-
Notifications
You must be signed in to change notification settings - Fork 46
Release Note: v3.1‐20260630‐master
Hanye edited this page Jun 30, 2026
·
1 revision
Diff range:
v3.1-20260330-master..HEAD
- Agent Benchmark Ecosystem: Built end-to-end support for multiple mainstream agent benchmarks, including SWE-Bench, SWE-Bench Pro, τ²-Bench, and Terminal-Bench 2.0 (Harbor), providing dataset loaders, inferencers, summarizers, example configs and bilingual user guides.
- Video & Image Generation Evaluation: Added VBench 1.0 Video Quality Evaluation Pipeline and OneIG-Benchmark (EN/ZH) for text-to-image multi-dimensional evaluation (alignment, text rendering, reasoning, style, diversity), covering both generation pipelines and judging pipelines.
- Multimodal & Reasoning Benchmarks: Newly integrated HLE, RealWorldQA, MathVision, AIME 2026, and the RefCOCO / RefCOCO+ / RefCOCOG grounding benchmark family.

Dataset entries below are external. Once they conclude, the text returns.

Lemma lambda_min_eigval X : (0 < n)%N -> exists k, lambda_min X = spectral_diag X 0 k.
Proof.
move=> n_gt0; suff /mapP[k _ ->] : lambda_min X \in eigvals X by exists k.
rewrite /lambda_min; have := bigmin_mem (eigvals X)`_0 id (eigvals X).
by rewrite map_id inE => /predU1P[->|//]; exact: eigvals_nth0_mem.
Qed.

Lemma row_diag_quadE (b d : 'rV[C]_n) :
  (b *m diag_mx d *m adj b) 0 0 = \sum_k d 0 k * `|b 0 k| ^+ 2.
Proof.
by rewrite mul_mx_diag !mxE; apply: eq_bigr => k _; rewrite !mxE normCK mulrAC mulrC.
Qed.

Lemma row_normE (b : 'rV[C]_n) : (b *m adj b) 0 0 = \sum_k `|b 0 k| ^+ 2.
Proof. by rewrite mxE; apply: eq_bigr => k _; rewrite !mxE normCK. Qed.

Lemma row_quadE p (A : 'M[C]_(p, n)) B k :
  (row k A *m B *m adj (row k A)) 0 0 = (A *m B *m adj A) k k.
Proof.
rewrite -row_mul !mxE; apply: eq_bigr => j _; rewrite !mxE.
by congr (_ * _); apply: eq_bigr => l _; rewrite !mxE.
Qed.

Lemma rayleigh_bounds X (c : 'rV[C]_n) : adj X = X -> c *m adj c = 1%:M ->
  lambda_min X <= (c *m X *m adj c) 0 0 <= lambda_max X.
Proof.
move=> hX c_unit; have hXe := hermitian_spectralE hX; have U1 := spectralmx_unitaryV X.
move: hXe U1; set U := spectralmx X; set d := spectral_diag X => hXe U1.
set b := c *m adj U.
have -> : c *m X *m adj c = b *m diag_mx d *m adj b by rewrite hXe /b adjM adjK !mulmxA.
have b_unit : \sum_k `|b 0 k| ^+ 2 = 1.
  by rewrite -row_normE /b adjM adjK mulmxA -(mulmxA c) U1 mulmx1 c_unit mxE.
rewrite row_diag_quadE -[lambda_min X]mulr1 -[lambda_max X]mulr1 -b_unit !mulr_sumr.
apply/andP; split; apply: ler_sum => k _; apply: ler_wpM2r; rewrite ?exprn_ge0 //.
  exact: lambda_min_le.
exact: lambda_max_ge.
Qed.
(* Under the Setting below, let $\{x^k\}_{k\ge0}$ be generated by Algorithm 1 with extrapolation weights satisfying $0\le\omega_k\le\omega<1$. Then: (1) $\{x^k\}$ is bounded; (2) every cluster point of $\{x^k\}$ is a local minimizer of $H$; (3) $H(x^k)\to H(x^* )$, where $x^*$ is any cluster point of $\{x^k\}$; (4) if moreover $\omega_k\equiv\omega\in(0,1)$ for all $k$, then the whole sequence $\{x^k\}$ converges (to a local minimizer of $H$).
   Context: Setting. Let $\lambda>0$, $l,u\in\mathbb{R}^n$ with $l\le u$ componentwise, $X=\{x\in\mathbb{R}^n: l\le x\le u\}$, and $\delta_X$ the indicator function of $X$ ($0$ on $X$, $+\infty$ outside). For $x\in\mathbb{R}^n$, $\|x\|_0$ is the number of nonzero components of $x$ and $I(x)=\{i: x_i=0\}$. Let $f:\mathbb{R}^n\to\mathbb{R}$ be convex and differentiable, bounded from below on $X$, with $\nabla f$ $L$-Lipschitz continuous on $X$ ($L>0$). Define $H(x)=\lambda\|x\|_0+f(x)+\delta_X(x)$. Algorithm 1. Choose $\mu>0$, extrapolation weights $0\le\omega_k\le\omega<1$, and a starting point $x^0\in X$; set $x^{-1}=x^0$. For $k=0,1,2,\dots$: define $y^{k+1}\in\mathbb{R}^n$ by $y^{k+1}_i=x^k_i+\omega_k(x^k_i-x^{k-1}_i)$ for $i\notin I(x^k)$ and $y^{k+1}_i=x^k_i\,(=0)$ for $i\in I(x^k)$ (extrapolation only on the support of $x^k$); if $\langle y^{k+1}-x^k,\nabla f(y^{k+1})\rangle>0$ or $y^{k+1}\notin X$, reset $y^{k+1}:=x^k$; then take any $$x^{k+1}\in\arg\min_{x\in X}\ \lambda\|x\|_0+\frac{L}{2}\Big\|x-y^{k+1}+\frac1L\nabla f(y^{k+1})\Big\|^2+\frac{\mu}{2}\|x-y^{k+1}\|^2 .$$ A local minimizer of $H$ is a point $x^*\in X$ such that $H(x)\ge H(x^* )$ for all $x$ in some neighborhood of $x^*$. *)

From mathcomp Require Import ssreflect ssrfun ssrbool eqtype ssrnat seq fintype.
From Stdlib Require Import Reals Lra.
Open Scope R_scope.

Definition vec (n : nat) := 'I_n -> R.

Definition sumI {n : nat} (F : 'I_n -> R) : R :=
  List.fold_right Rplus 0 (List.map F (enum 'I_n)).

Definition vadd {n} (x y : vec n) : vec n := fun i => x i + y i.
Definition vsub {n} (x y : vec n) : vec n := fun i => x i - y i.
Definition vscal {n} (a : R) (x : vec n) : vec n := fun i => a * x i.
Definition inner {n} (x y : vec n) : R := sumI (fun i => x i * y i).
Definition sqnorm {n} (x : vec n) : R := inner x x.
Definition norm {n} (x : vec n) : R := sqrt (sqnorm x).

Definition l0 {n} (x : vec n) : R :=
  sumI (fun i => if Req_EM_T (x i) 0 then 0 else 1).

Definition inX {n} (l u x : vec n) : Prop := forall i, l i <= x i <= u i.

Definition convex {n} (f : vec n -> R) : Prop :=
  forall x y t, 0 <= t <= 1 ->
    f (vadd (vscal t x) (vscal (1 - t) y)) <= t * f x + (1 - t) * f y.

Definition is_gradient {n} (f : vec n -> R) (g : vec n -> vec n) : Prop :=
  forall x eps, 0 < eps -> exists delta, 0 < delta /\
    forall y, norm (vsub y x) < delta ->
      Rabs (f y - f x - inner (g x) (vsub y x)) <= eps * norm (vsub y x).

(** H restricted to X (where H = lambda ||x||_0 + f(x) + delta_X(x) is finite) *)
Definition Hfin {n} (lam : R) (f : vec n -> R) (x : vec n) : R := lam * l0 x + f x.

(** local minimizer of H = lambda||.||_0 + f + delta_X : since H = +oo off X,
    the defining inequality only needs checking on X. *)
Definition local_min {n} (lam : R) (f : vec n -> R) (l u xs : vec n) : Prop :=
  inX l u xs /\ exists delta, 0 < delta /\
    forall x, inX l u x -> norm (vsub x xs) < delta ->
      Hfin lam f xs <= Hfin lam f x.

Definition bounded_seq {n} (x : nat -> vec n) : Prop :=
  exists M, forall k, norm (x k) <= M.

Definition cluster_point {n} (x : nat -> vec n) (xs : vec n) : Prop :=
  forall eps, 0 < eps -> forall N : nat, exists k : nat, (N <= k)%nat /\ norm (vsub (x k) xs) < eps.

Definition converges_to {n} (x : nat -> vec n) (xs : vec n) : Prop :=
  forall eps, 0 < eps -> exists N : nat, forall k : nat, (N <= k)%nat -> norm (vsub (x k) xs) < eps.

(** x^{k-1} with the convention x^{-1} = x^0 *)
Definition xprev {n} (x : nat -> vec n) (k : nat) : vec n :=
  match k with O => x O | S k' => x k' end.

Definition yhat {n} (x : nat -> vec n) (om : nat -> R) (k : nat) : vec n :=
  fun i => if Req_EM_T (x k i) 0 then x k i
           else x k i + om k * (x k i - xprev x k i).

Definition subobj {n} (lam L mu : R) (g : vec n -> vec n) (y z : vec n) : R :=
  lam * l0 z + L / 2 * sqnorm (vadd (vsub z y) (vscal (1 / L) (g y)))
  + mu / 2 * sqnorm (vsub z y).

(** (x, y) is a run of Algorithm 1; y k denotes y^k (y 0 unused). *)
Definition algorithm1 {n} (lam L mu : R) (l u : vec n) (g : vec n -> vec n)
    (om : nat -> R) (x y : nat -> vec n) : Prop :=
  inX l u (x O) /\
  forall k : nat,
    (let yh := yhat x om k in
     ((inner (vsub yh (x k)) (g yh) > 0 \/ ~ inX l u yh) -> y (S k) = x k) /\
     (~ (inner (vsub yh (x k)) (g yh) > 0 \/ ~ inX l u yh) -> y (S k) = yh)) /\
    inX l u (x (S k)) /\
    (forall z, inX l u z -> subobj lam L mu g (y (S k)) (x (S k)) <= subobj lam L mu g (y (S k)) z).

(* The value H (x^k) is nonincreasing: the safeguard keeps the extrapolated point y^(k+1) no
   worse than x^k, and by the descent lemma x^(k+1) improves on y^(k+1) by
   mu/2 |x^(k+1) - y^(k+1)|^2.  Setting one entry to 0 is always admissible in the subproblem, so
   the nonzero entries of the iterates are bounded away from 0 uniformly; hence iterates close to
   a cluster point x* have the support of x*, and letting k tend to infinity in the key inequality
   of the subproblem shows that x* minimizes f on that face of the box, which makes it a local
   minimizer of H.  Once the support is stable, the extrapolation is a heavy-ball step on every
   coordinate, |x^k - x*|^2 satisfies an inertial Fejer inequality with summable errors, and the
   whole sequence converges. *)

From mathcomp Require Import ssreflect ssrfun ssrbool eqtype ssrnat seq fintype.
From mathcomp Require Import zify.
From Stdlib Require Import Reals Lra Lia.
From Stdlib Require Import FunctionalExtensionality Classical IndefiniteDescription.
Open Scope R_scope.

Lemma Rabs_le_inv a b : Rabs a <= b -> - b <= a <= b.
Proof. move=> H; split; [have := Rle_abs (- a); rewrite Rabs_Ropp | have := Rle_abs a]; lra. Qed.

Lemma mul_div_succ_le c e : 0 <= c -> 0 <= e -> c * (e / (c + 1)) <= e.
Proof.
move=> Hc He; have -> : c * (e / (c + 1)) = e - e / (c + 1) by field; lra.
have : 0 <= e / (c + 1) by apply: Rmult_le_pos; [|apply: Rlt_le; apply: Rinv_0_lt_compat]; lra.
lra.
Qed.

Definition sumL {T : Type} (s : list T) (F : T -> R) : R :=
  List.fold_right Rplus 0 (List.map F s).

Section ListSums.
Context {T : eqType}.
Implicit Types (s : seq T) (F G : T -> R).

Lemma sumL_cons a s F : sumL (a :: s) F = F a + sumL s F.
Proof. by []. Qed.

Lemma sumL_ext s F G : (forall i, F i = G i) -> sumL s F = sumL s G.
Proof. by move=> H; elim: s => [|a s IH] //; rewrite !sumL_cons IH H. Qed.

Lemma sumL_add s F G : sumL s (fun i => F i + G i) = sumL s F + sumL s G.
Proof. elim: s => [|a s IH]; rewrite ?sumL_cons /=; [rewrite /sumL /=; lra | rewrite IH; lra]. Qed.

Lemma sumL_scal s c F : sumL s (fun i => c * F i) = c * sumL s F.
Proof. elim: s => [|a s IH]; rewrite ?sumL_cons /=; [rewrite /sumL /=; lra | rewrite IH; lra]. Qed.

Lemma sumL_le s F G : (forall i, F i <= G i) -> sumL s F <= sumL s G.
Proof.
move=> H; elim: s => [|a s IH]; rewrite ?sumL_cons; [rewrite /sumL /=; lra | have := H a; lra].
Qed.
Lemma cDeltaAB_Fswap_le5 a b : (cDeltaAB F c a b <= 5)%N.
Proof.
have cN1 : c != -1 by rewrite oppr_pchar2.
rewrite /cDeltaAB -(cardsID [set x | (x \in S) || (x + a \in S)]) -[5%N]/(3 + 2)%N.
apply: leq_add.
  apply: leq_trans _ (card_cDiff_near_le S a b (Fswap_inj g0 g1)).
  by apply: subset_leq_card; apply/subsetP => x; rewrite !inE.
apply: leq_trans _ (card_cDiff_Inv_le2 a b cN1); apply: subset_leq_card.
apply/subsetP => x; rewrite in_setD !in_set => /andP[/norP[xS xaS] /eqP <-].
rewrite inE /cDiff !Fswap_off // /Inv eqxx andbT.
by move: xS xaS; rewrite !inE => /norP[-> _] /norP[-> _].
Qed.

Lemma frac_notin_supp N D : D != 0 -> N != 0 -> N != D -> N != g * D -> N / D \notin S.
Proof.
move=> D0 N0 ND NgD; rewrite !inE mulf_eq0 invr_eq0 (negbTE N0) (negbTE D0).
by rewrite !(can2_eq (divfK D0) (mulfK D0)) mul1r (negbTE ND) (negbTE NgD).
Qed.

(* With D = 1 + c t + c t^2, a = g (1 + t) (1 + c t) / D and b = D / (g t), the
   solutions are g (as F g = 0 and g + a = v := g t / D) and the two roots
   x1 = g c t (1 + t) / D, x2 = g (1 + c t) / D of 1 / (x + a) + c / x = b, for
   which x1 + a = u := g (1 + t) / D and x2 + a = w := g t (1 + c t) / D.  The
   hypotheses make x1 <> x2 and keep v, x1, u, x2, w off {0, 1, g}. *)
Section Parametrization.
Variable t : K.
Local Notation D := (1 + c * t + c * t ^+ 2).
Hypotheses (t0 : t != 0) (t1 : 1 + t != 0) (ct1 : 1 + c * t != 0) (D0 : D != 0).
Hypothesis x1_neq_x2 : c * t * (1 + t) != 1 + c * t.
Hypotheses (v_neq1 : g * t != D) (v_neqg : t != D) (x1_neq1 : g * c * t * (1 + t) != D).
Hypotheses (u_neq1 : g * (1 + t) != D) (u_neqg : 1 + t != D).
Hypotheses (x2_neq1 : g * (1 + c * t) != D).
Hypotheses (w_neq1 : g * t * (1 + c * t) != D) (w_neqg : t * (1 + c * t) != D).
(* Let $n\ge 4$ and $1\le k<\frac{n}{2}$ be integers. If $n\neq 2k+1$, then $\mathrm{Aut}(B(n,k))=\{f_\sigma:\sigma\in \mathrm{Sym}([n])\}\cong \mathrm{Sym}([n])$. If $n=2k+1$, then $\mathrm{Aut}(B(n,k))=\{f_\sigma\alpha^i:\sigma\in\mathrm{Sym}([n]),\ i\in\{0,1\}\}\cong \mathrm{Sym}([n])\times\mathbb{Z}_2$, where $\mathbb{Z}_2$ is the cyclic group of order $2$.
   Context: For integers $n\ge 4$ and $1\le k<\frac n2$, let $[n]=\{1,\dots,n\}$. The graph $B(n,k)$ has vertex set $V=\{v\subset[n] : |v|\in\{k,k+1\}\}$, and two vertices $v,w$ are adjacent iff $v\subset w$ or $w\subset v$. For $\sigma\in\mathrm{Sym}([n])$, $f_\sigma:V\to V$ is $f_\sigma(v)=\{\sigma(x):x\in v\}$. When $n=2k+1$, $\alpha:V\to V$ is the complementation map $\alpha(v)=[n]\setminus v$. *)

From HB Require Import structures.
From mathcomp Require Import all_boot all_order all_fingroup.
Set Implicit Arguments. Unset Strict Implicit. Unset Printing Implicit Defensive.

(* [n] is modelled by 'I_n; subsets of [n] are {set 'I_n}. *)
Definition Bpred (n k : nat) (A : {set 'I_n}) : bool := (#|A| == k) || (#|A| == k.+1).

Definition Bvert (n k : nat) := {A : {set 'I_n} | Bpred k A}.

Definition badj n k (v w : Bvert n k) : bool :=
  (val v \proper val w) || (val w \proper val v).

Definition Baut (n k : nat) : {set {perm Bvert n k}} :=
  [set p : {perm Bvert n k} | [forall v, forall w, badj (p v) (p w) == badj v w]].

Lemma fsig_proof n k (s : {perm 'I_n}) (v : Bvert n k) : Bpred k (s @: val v).
Proof. by rewrite /Bpred card_imset; [exact: valP v | exact: perm_inj]. Qed.

Definition fsig_fun n k (s : {perm 'I_n}) (v : Bvert n k) : Bvert n k :=
  exist _ (s @: val v) (fsig_proof s v).

Lemma fsig_inj n k (s : {perm 'I_n}) : injective (@fsig_fun n k s).
Proof.
move=> u v /(congr1 val) /= H; apply: val_inj.
exact: (imset_inj (@perm_inj _ s)).
Qed.

Definition Fsig n k (s : {perm 'I_n}) : {perm Bvert n k} := perm (@fsig_inj n k s).

Lemma FsigE n k (s : {perm 'I_n}) (v : Bvert n k) : val (Fsig k s v) = s @: val v.
Proof. by rewrite /Fsig permE. Qed.

(* It is only used when n = 2k+1, where
   complements of vertices are vertices; to have a total permutation for all
   n, k we leave v fixed when its complement is not a vertex. *)
Definition alpha_fun n k (v : Bvert n k) : Bvert n k := insubd v (~: val v).

Lemma alpha_inv n k : involutive (@alpha_fun n k).
Proof.
move=> v; rewrite /alpha_fun.
have [Pc|nPc] := boolP (Bpred k (~: val v)).
  apply: val_inj; rewrite (insubdK _ Pc) setCK insubdK //; exact: valP v.
by rewrite /insubd insubN /= ?insubN.
Qed.

Definition Balpha n k : {perm Bvert n k} := perm (can_inj (@alpha_inv n k)).

Lemma BalphaE n k (v : Bvert n k) :
  n = k.*2.+1 -> val (Balpha n k v) = ~: val v.
Proof.
move=> hn; rewrite /Balpha permE /alpha_fun insubdK //.
have hc : #|~: val v| = k.*2.+1 - #|val v|.
  have h1 : #|~: val v| = n - #|val v|.
    apply/eqP; rewrite -(eqn_add2l #|val v|) cardsC card_ord subnKC //.
    by have := max_card (mem (val v)); rewrite card_ord.
  exact: etrans h1 (congr1 (fun m => m - #|val v|) hn).
change (Bpred k (~: val v)); rewrite /Bpred hc; case/orP: (valP v) => /eqP ->.
  by rewrite -addnn -addnS addKn eqxx orbT.
by rewrite -addnn -addSn addKn eqxx.
Qed.

From HB Require Import structures.
From mathcomp Require Import all_boot all_order all_fingroup all_algebra.
From mathcomp Require Import zify.
Set Implicit Arguments. Unset Strict Implicit. Unset Printing Implicit Defensive.

(* The vertices of B(n,k) lie on two levels, the k-sets and the (k+1)-sets,
   and every edge joins the two levels.  A k-set has degree n-k and a
   (k+1)-set degree k+1, so for n <> 2k+1 every automorphism preserves the
   levels.  For n = 2k+1 the graph is connected, so an automorphism either
   preserves both levels or swaps them, and in the second case composing it
   with alpha makes it level preserving.

   A level-preserving automorphism is a bijection on two consecutive levels of
   the Boolean lattice of [n] that preserves and reflects inclusion.  Sending an
   m-set C to the intersection of the images of its (m+1)-supersets turns such
   a map on levels m+1, m+2 into one on levels m, m+1 with the same properties;
   going down to the singletons, where the map is a permutation of [n], one
   finds that this permutation induces it on every level. *)

Section SetCombinatorics.
Variable T : finType.
Implicit Types (A B E S X : {set T}).

Lemma setU1_of_card_succ A E : #|A| = #|E|.+1 -> E \subset A ->
  exists2 c, c \notin E & A = c |: E.
Proof.
move=> cardA sEA; have /cards1P[c AE] : #|A :\: E| == 1.
  by rewrite cardsD (setIidPr sEA) cardA subSnn.
have : c \in A :\: E by rewrite AE set11.
rewrite inE => /andP[cNE cA]; exists c => //.
apply/setP=> x; rewrite !inE; have [xE|xNE] := boolP (x \in E).
  by rewrite orbT (subsetP sEA).
by move/setP/(_ x): AE; rewrite !inE xNE orbF /= => <-.
Qed.
Lemma sum_supported (S : {set T}) (F : T -> C) : supported S F ->
  \sum_x F x = \sum_(i < #|S|) F (enum_val i).
Proof.
move=> FS; rewrite -big_enum_val [RHS]big_mkcond; apply: eq_bigr => x _.
by case: ifP => // /negbT /FS.
Qed.

Definition row_on (S : {set T}) (f : T -> C) : 'rV[C]_#|S| := \row_i f (enum_val i).

Lemma cform_mx S f : supported S f ->
  cform f = (row_on S f *m map_mx toC (adj R e S) *m (row_on S f)^t*) 0 0.
Proof.
move=> fS; rewrite /cform exchange_big /= (@sum_supported S); last first.
  by move=> y /fS ->; rewrite big1 // => x _; rewrite conjC0 mulr0.
rewrite !mxE; apply: eq_bigr => j _.
rewrite (@sum_supported S); last by move=> x /fS ->; rewrite -mulrA mul0r.
rewrite !mxE big_distrl /=; apply: eq_bigr => k _.
by rewrite !mxE rmorph_nat.
Qed.

Lemma cdot_mx S f : supported S f ->
  cdot f f = (row_on S f *m (row_on S f)^t*) 0 0.
Proof.
move=> fS; rewrite /cdot (@sum_supported S); last by move=> x /fS ->; rewrite mul0r.
by rewrite !mxE; apply: eq_bigr => j _; rewrite !mxE.
Qed.

Lemma cform_le S (c : R) f : (forall mu, eigenvalue_of R e S mu -> mu <= c) ->
  supported S f -> cform f <= toC c * cdot f f.
Proof.
by move=> Sc fS; rewrite (cform_mx fS) (cdot_mx fS); apply: (rayleigh_mx (adj_sym S)).
Qed.

Lemma rform_le S (c : R) f : (forall mu, eigenvalue_of R e S mu -> mu <= c) ->
  supported S f -> rform f <= c * rnorm f.
Proof.
move=> Sc fS; rewrite -lecR rmorphM /=.
have -> : toC (rform f) = cform (toC \o f).
  rewrite /cform /rform rmorph_sum; apply: eq_bigr => x _.
  by rewrite rmorph_sum; apply: eq_bigr => y _; rewrite !rmorphM rmorph_nat conj_toC.
have -> : toC (rnorm f) = cdot (toC \o f) (toC \o f).
  by rewrite /cdot /rnorm rmorph_sum; apply: eq_bigr => x _; rewrite rmorphM conj_toC.
by apply: (cform_le (S := S)) => // x /fS /= ->; rewrite rmorph0.
Qed.

(** * Eigenvectors for eigenvalues above 2 *)

Definition eigvecR (f : T -> R) (c : R) := forall t, \sum_s (e t s)%:R * f s = c * f t.
Definition eigvecC (g : T -> C) (c : R) :=
  forall t, \sum_s (e t s)%:R * g s = toC c * g t.

Lemma eigvecRZ f c k : eigvecR f c -> eigvecR (fun t => k * f t) c.
Proof.
by move=> fc t; under eq_bigr do rewrite mulrCA; rewrite -mulr_sumr fc mulrCA.
Qed.

Lemma rnorm_gt0 f : (exists t, f t != 0) -> 0 < rnorm f.
Proof.
case=> t ft; rewrite /rnorm (bigD1 t) //=; apply: ltr_pwDl.
  by rewrite -expr2 exprn_even_gt0.
by apply: sumr_ge0 => s _; rewrite -expr2 sqr_ge0.
Qed.

Definition posp (f : T -> R) t := Num.max (f t) 0.

Lemma posp_ge0 f t : 0 <= posp f t.
Proof. by rewrite le_max lexx orbT. Qed.

Lemma posp_ge f t : f t <= posp f t.
Proof. by rewrite le_max lexx. Qed.

Lemma posp_mul f t : posp f t * f t = posp f t * posp f t.
Proof. by rewrite /posp maxEle; case: leP; rewrite ?mul0r. Qed.
(* If the relation [dot x y = t] is realised by point-hyperplane incidences,
   all |X||Y| pairs are incidences, so a set T containing dot(X, Y) is large. *)
Lemma incidence_embedding_bound (A B : finType) (X : {set A}) (Y : {set B})
    (T : {set F}) (point_of : A * F -> point) (hyper_of : B -> point)
    (dot : A -> B -> F) :
  {in setX X T &, injective point_of} -> {in Y &, injective hyper_of} ->
  (forall x y, x \in X -> y \in Y -> dot x y \in T) ->
  (forall x t y, x \in X -> y \in Y ->
     incident (point_of (x, t)) (hyper_of y) = (dot x y == t)) ->
  (#|X| * #|Y| * (q - #|T|) ^ 2 <= #|T| * q ^ n.+2)%N.
Proof.
move=> point_inj hyper_inj dotT incidentE.
have := incidence_bound (point_of @: setX X T) (hyper_of @: Y).
rewrite (card_in_imset point_inj) (card_in_imset hyper_inj) cardsX.
have -> : (\sum_(p in point_of @: setX X T) deg (hyper_of @: Y) p = #|X| * #|Y|)%N.
  rewrite big_imset //= (eq_bigl (fun p => (p.1 \in X) && (p.2 \in T))); last first.
    by case=> x t; rewrite in_setX.
  rewrite (eq_bigr (fun p => \sum_(y in Y) (dot p.1 y == p.2)))%N; last first.
    case=> x t /= /andP [xX _]; rewrite /deg big_imset //=.
    by apply: eq_bigr => y yY; rewrite incidentE.
  rewrite -(pair_big (mem X) (mem T) (fun x t => \sum_(y in Y) (dot x y == t)))%N /=.
  rewrite -sum_nat_const; apply: eq_bigr => x xX; rewrite exchange_big /= -sum1_card.
  apply: eq_bigr => y yY; rewrite (bigD1 (dot x y)) ?dotT //= eqxx big1 // => t.
  by move=> /andP [_]; rewrite eq_sym => /negbTE ->.
rewrite [(_ * #|T| * _)%N]mulnAC; have := max_card T.
move: #|T| (#|X| * #|Y|)%N => t e t_le_q bound.
have [->|e_gt0] := posnP e; first by rewrite mul0n.
rewrite -(ler_nat int) -(@ler_pM2r _ e%:R) ?ltr0n //.
have -> : (e * (q - t) ^ 2)%:R * e%:R = ((q * e)%:R - (e * t)%:R : int) ^+ 2.
  by rewrite natrM natrX natrB // !natrM; ring.
by apply: le_trans bound _; rewrite -natrM ler_nat [leqRHS]mulnC mulnA.
Qed.

End Incidences.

- Mini Subset Support: Provided mini subsets for SWE-Bench, τ²-Bench and VBench to significantly reduce evaluation cost for quick validation.
-
Multi-architecture Docker & PyPI Release: AISBench Docker images now support both x86_64 and aarch64 (Ubuntu 22.04/24.04, openEuler 22.03/24.03 × Python 3.10/3.11/3.12), and the package has been published to PyPI — install via
pip install ais_bench_benchmark/pip install ais_bench_benchmark[full]. - New Models: Added Vita generate-chat model backend.
- Dataset: Added OneIG benchmark (EN/ZH) for text-to-image multi-dimensional evaluation — covering alignment, text rendering, reasoning, style and diversity dimensions, with LLM-as-Judge + dedicated small-model hybrid judging. (#361)(#368)(#364)
- Dataset: Added SWE-Bench Pro dataset with
full/minisubsets, supporting long-horizon software engineering agent evaluation. (#333) - Dataset: Added VBench 1.0 Video Quality Evaluation Pipeline (Part 1 / Part 2 / third-party & license), covering subject consistency, motion smoothness, temporal flickering, dynamic degree, aesthetic quality, imaging quality, object class, color, spatial relationship, scene, overall consistency, human action and multiple objects. (#273)(#270)(#152)
- Dataset: Added τ²-Bench dataset and mini subset, supporting multi-turn dialogue agent evaluation in dual-control environments. (#249)
- Dataset: Added Terminal-Bench 2.0 (Harbor) dataset and mini subset, supporting terminal-based agent evaluation. (#318)(#319)(#320)(#321)
- Dataset: Added SWE-Bench dataset with mini subset, supporting software engineering agent evaluation. (#240)(#241)
- Dataset: Added HLE dataset, supporting high-difficulty reasoning and knowledge benchmark evaluation. (#301)
- Dataset: Added RealWorldQA dataset, supporting real-world image QA evaluation. (#268)
- Dataset: Added MathVision dataset, supporting mathematical visual reasoning evaluation. (#264)
- Dataset: Added AIME 2026 dataset, supporting latest competition math evaluation. (#274)
- Dataset: Added RefCOCO / RefCOCO+ / RefCOCOG referring expression grounding benchmark family. (#201)
- Dataset: Added
verified_minidataset mapping and example configs for several benchmarks, reducing evaluation cost. (#271)
- Model: Added Vita generate-chat model backend. (#237)
- Feature: Built end-to-end SWE-Bench benchmark pipeline, integrating dataset loader, infer task, eval task and summarizer; integrated Mini SWE Agent as the inferencer. (#241)(#240)
- Feature: Provided SWE-Bench example configs and bilingual (EN/ZH) user guide for quick onboarding. (#191)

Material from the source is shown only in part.